Claims experience becomes an important driver, but increases can lead to a ‘lockstep’ impact. 

For example, one year’s poor claims may lead to premium increases that are not recovered if experience improves. 

Against this backdrop, an annual renewal can be challenging when looking to re-negotiate rates with insurance providers, typically with the help of a broker. 

Viable option

Approaches to the market for comparative rates may not lead to improved terms and any switch comes with challenges, including dealing with claims in progress.

For plans that cover more than a few hundred members, healthcare trusts are a viable option to help manage the situation. 

Under this model, medical claims are paid out of a trust. 

Rather than paying premiums, the trust is funded by the employer (and possibly also the employees). 

Trustees are responsible for the operation of the trust and will appoint a third-party administrator to manage payments from a claims fund to cover the cost of treatment for members. 
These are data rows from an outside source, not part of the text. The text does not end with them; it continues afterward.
(* Let $\mathbf{K}=(K,\leq_p)$ be an AEC such that $K$ is a class of torsion-free abelian groups, $K$ is closed under pure subgroups, and $K$ has arbitrarily large models. Then $\mathbf{K}$ is $\lambda$-stable for every infinite cardinal $\lambda$ with $\lambda^{\aleph_0}=\lambda$.
   Context: Abelian groups are $\mathbb{Z}$-modules; $\leq_p$ is the pure subgroup relation. An AEC $(K,\leq_p)$: closed under isomorphism and unions of $\leq_p$-chains, with a Löwenheim–Skolem number. Galois types $\mathbf{gtp}(b/A;N)$ are classes of triples $(b,A,N)$ under the transitive closure of: $(b_1,A,N_1)\sim(b_2,A,N_2)$ iff there exist $N'\in K$ and pure embeddings $f_\ell:N_\ell\to N'$ fixing $A$ with $f_1(b_1)=f_2(b_2)$; $\mathbf{gS}(M)$ is the set of Galois types of single elements over $M$ in pure extensions in $K$. $\mathbf{K}$ is $\lambda$-stable if $|\mathbf{gS}(M)|\leq\lambda$ for all $M\in K$ of size $\lambda$. *)

From HB Require Import structures.
From mathcomp Require Import all_boot all_algebra.
From Stdlib Require Import Relations.
Set Implicit Arguments. Unset Strict Implicit. Unset Printing Implicit Defensive.
Import GRing.Theory.
Local Open Scope ring_scope.

Definition is_hom (G H : zmodType) (f : G -> H) : Prop :=
  forall x y, f (x + y) = f x + f y.

Definition subset_of (U : Type) (S T : U -> Prop) : Prop := forall x, S x -> T x.

Definition pure_in (U : zmodType) (S T : U -> Prop) : Prop :=
  forall (n : nat) (s : U), S s -> (exists t, T t /\ t *+ n = s) ->
    exists y, S y /\ y *+ n = s.

Definition range_of (A B : Type) (f : A -> B) : B -> Prop := fun y => exists x, f x = y.

Definition pure_emb (G H : zmodType) (f : G -> H) : Prop :=
  injective f /\ is_hom f /\ pure_in (range_of f) (fun _ => True).

(** Cardinal comparisons of types (types stand for cardinals). *)
Definition same_card (A B : Type) : Prop := exists f : A -> B, bijective f.
Definition le_card (A B : Type) : Prop := exists f : A -> B, injective f.
Definition infinite_type (A : Type) : Prop := le_card nat A.

Definition in_K (K : zmodType -> Prop) (U : zmodType) (S : U -> Prop) : Prop :=
  exists (G : zmodType) (f : G -> U),
    K G /\ injective f /\ is_hom f /\ (forall y, S y <-> range_of f y).

Definition bigU (U : Type) (C : (U -> Prop) -> Prop) : U -> Prop :=
  fun x => exists S, C S /\ S x.

(** The partial-order and coherence
    axioms are automatic for the pure-subgroup relation; chains are indexed by
    well-orders (given as well-ordered families of subgroups of an ambient group). *)
Record AEC_pure (K : zmodType -> Prop) : Prop := {
  aec_iso : forall (G H : zmodType) (f : G -> H),
      K G -> is_hom f -> bijective f -> K H;
  aec_chain : forall (U : zmodType) (C : (U -> Prop) -> Prop),
      (exists S, C S) ->
      (forall S T, C S -> C T -> subset_of S T \/ subset_of T S) ->
      (forall D : (U -> Prop) -> Prop, (forall S, D S -> C S) -> (exists S, D S) ->
         exists S0, D S0 /\ forall S, D S -> subset_of S0 S) ->
      (forall S, C S -> in_K K S) ->
      (forall S T, C S -> C T -> subset_of S T -> pure_in S T) ->
      in_K K (bigU C) /\ (forall S, C S -> pure_in S (bigU C));
  aec_LS : exists Mu : Type, infinite_type Mu /\
      forall N : zmodType, K N -> forall A : N -> Prop,
        exists (G : zmodType) (f : G -> N),
          K G /\ pure_emb f /\ subset_of A (range_of f) /\
          le_card G ({a | A a} + Mu)%type
}.

Definition torsion_free_class (K : zmodType -> Prop) : Prop :=
  forall G : zmodType, K G -> forall (x : G) (n : nat), (0 < n)%N -> x *+ n = 0 -> x = 0.

Definition closed_pure_sub (K : zmodType -> Prop) : Prop :=
  forall (G N : zmodType) (f : G -> N), K N -> pure_emb f -> K G.

Definition arb_large (K : zmodType -> Prop) : Prop :=
  forall L : Type, exists N : zmodType, K N /\ le_card L N.

(** Triples (b, M, N) with M <=_p N, N ∈ K, b ∈ N (M embedded purely into N via f). *)
Record gtriple (K : zmodType -> Prop) (M : zmodType) := GTriple {
  gt_N : zmodType;
  gt_K : K gt_N;
  gt_f : M -> gt_N;
  gt_emb : pure_emb gt_f;
  gt_b : gt_N
}.

(** Atomic equivalence: amalgamation over M identifying the two elements. *)
Definition gtp_atomic (K : zmodType -> Prop) (M : zmodType) (t1 t2 : gtriple K M) : Prop :=
  exists (N' : zmodType) (g1 : gt_N t1 -> N') (g2 : gt_N t2 -> N'),
    K N' /\ pure_emb g1 /\ pure_emb g2 /\
    (forall m, g1 (gt_f t1 m) = g2 (gt_f t2 m)) /\ g1 (gt_b t1) = g2 (gt_b t2).
Lemma ktree_forces_forest_in_kclique (k l j : nat) : j <= k ->
  exists (Tb : finType) (eb : rel Tb), is_ktree eb k /\
  forall ord p, local_book_embedding l eb ord p ->
  exists K Y : {set Tb}, [/\ kclique eb k K, Y \subset K, #|Y| = j &
    forall i, acyclic_on (page_rel eb p i) Y].
Proof.
elim: j => [_ | j IH lt_jk].
  exists 'I_k.+1, (fun x y => x != y); split.
    split; first by split=> [x y | x]; rewrite /= ?eqxx // eq_sym.
    by apply: ktree_base; [rewrite cardsT card_ord | move=> x y].
  move=> ord p _; exists [set~ ord0], set0; split; rewrite ?sub0set ?cards0 //.
    by apply/kcliqueP; split=> [|x y]; rewrite ?cardsC1 ?card_ord.
  move=> i [s [_ s_gt2 /allP s0 _]]; case: s s_gt2 s0 => // x s _.
  by move=> /(_ x (mem_head _ _)); rewrite /= inE.
have [Tb [eb [kt grow]]] := IH (ltnW lt_jk).
exists (stacked eb k l), (stack_rel eb k l); split; first exact: stack_ktree.
move=> ord p emb; have [eb_simple _] := kt.
have [K [Y [kK sYK cY acY]]] := grow _ _ (local_book_embedding_stack_inl emb).
have /kcliqueP [cK _] := kK.
have [r] : exists r, r \in K :\: Y.
  by apply/card_gt0P; rewrite cardsD (setIidPr sYK) cY cK subn_gt0.
rewrite inE => /andP [rNY rK].
have [jj forest] := stack_forest_vertex (exist _ K kK) eb_simple emb.
pose w : stacked eb k l := inr (exist _ K kK, jj).
exists (w |: inl @: (K :\ r)), (w |: inl @: Y); split; last exact: forest.
- apply/kcliqueP; split; first by rewrite card_stack_setU1 -cK (cardsD1 r K) rK.
  apply: (is_cliqueS _ (stack_clique (exist _ K kK) jj)).
  by rewrite setUS // imsetS // subD1set.
- by rewrite setUS // imsetS // subsetD1 sYK.
- by rewrite card_stack_setU1 cY.
Qed.

Lemma ktree_forces_forest_clique (k l : nat) :
  exists (Tb : finType) (eb : rel Tb), is_ktree eb k /\
  forall ord p, local_book_embedding l eb ord p ->
  exists Y : {set Tb}, [/\ #|Y| = k.+1, is_clique eb Y &
    forall i, acyclic_on (page_rel eb p i) Y].
Proof.
have [Tb [eb [kt grow]]] := ktree_forces_forest_in_kclique l (leqnn k).
exists (stacked eb k l), (stack_rel eb k l); split; first exact: stack_ktree.
move=> ord p emb; have [eb_simple _] := kt.
have [K [Y [kK sYK cY acY]]] := grow _ _ (local_book_embedding_stack_inl emb).
have /kcliqueP [cK _] := kK.
have YK : Y = K by apply/eqP; rewrite eqEcard sYK cY cK leqnn.
subst Y; have [jj forest] := stack_forest_vertex (exist _ K kK) eb_simple emb.
exists (inr (exist _ K kK, jj) |: inl @: K); split; last exact: forest.
- by rewrite card_stack_setU1 cK.
- exact: stack_clique.
Qed.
Trusts can provide several advantages to help with cost management:

  • Greater transparency of costs, allowing removal of any unnecessary insurer or other margins and ensuring fees cover only the specific support required
  • The removal of costs and commission that may have been directly linked to premium inflation
  • Control of funding/pricing through the employer and trustees, with the ability to smooth rates, using funds held in the trust, avoiding highs and lows that make budgeting challenging and can cause problems for successive groups of employees
  • Crucially, given this isn’t insurance, savings on insurance premium tax, which is not payable on the main funding, but only on any stop loss insurance. That can result in a saving in this area alone of 10-12%
  • Increased flexibility of provision, allowing adjustment of the package to meet specific requirements or target key areas of interest for the company, e.g. for DEI purposes
  • Direct oversight of the claims processes and administration, with the help of the trustees and consultants, allowing targeted health and wellbeing interventions for key claims causes
  • Flexibility over the levels of protection for adverse claims, through a variety of stop loss and reinsurance tools

Trust solutions

For those with membership in the 250-750 range, a master trust may be appropriate. 

All of the insurers, offer master trust solutions, as well as specialist trust administration firms such as Healix and WPA with a variety of options to protect against adverse claims experience. 

The master trust offers a packaged solution, dealing with the governance and trusteeship aspects alongside the administration.

Larger plans will typically want the greater flexibility that is available through a standalone company healthcare trust.

The requirements of the trust model include registration of the trust, the maintenance of funding records and the filing of accounts. 

However, these can be managed through a combination of in-house benefit management, a consultant/broker, the administrator and other third-party support.

The ongoing running of a standalone trust need not be onerous, typically with three or four trustee meetings a year, to monitor claims experience, oversee the administrators, review potential benefit changes, and set rates for the following year. 

The trustees may be in-house, but there is increasing interest in the use of independent trustees to provide additional resource and expertise, supplement in-house resources, and provide an independent perspective on the activities.

With appropriate third-party support, management of a trust need not be onerous, and trusts can be an increasingly useful vehicle as part of an overall health management approach, providing further control opportunities for medical costs.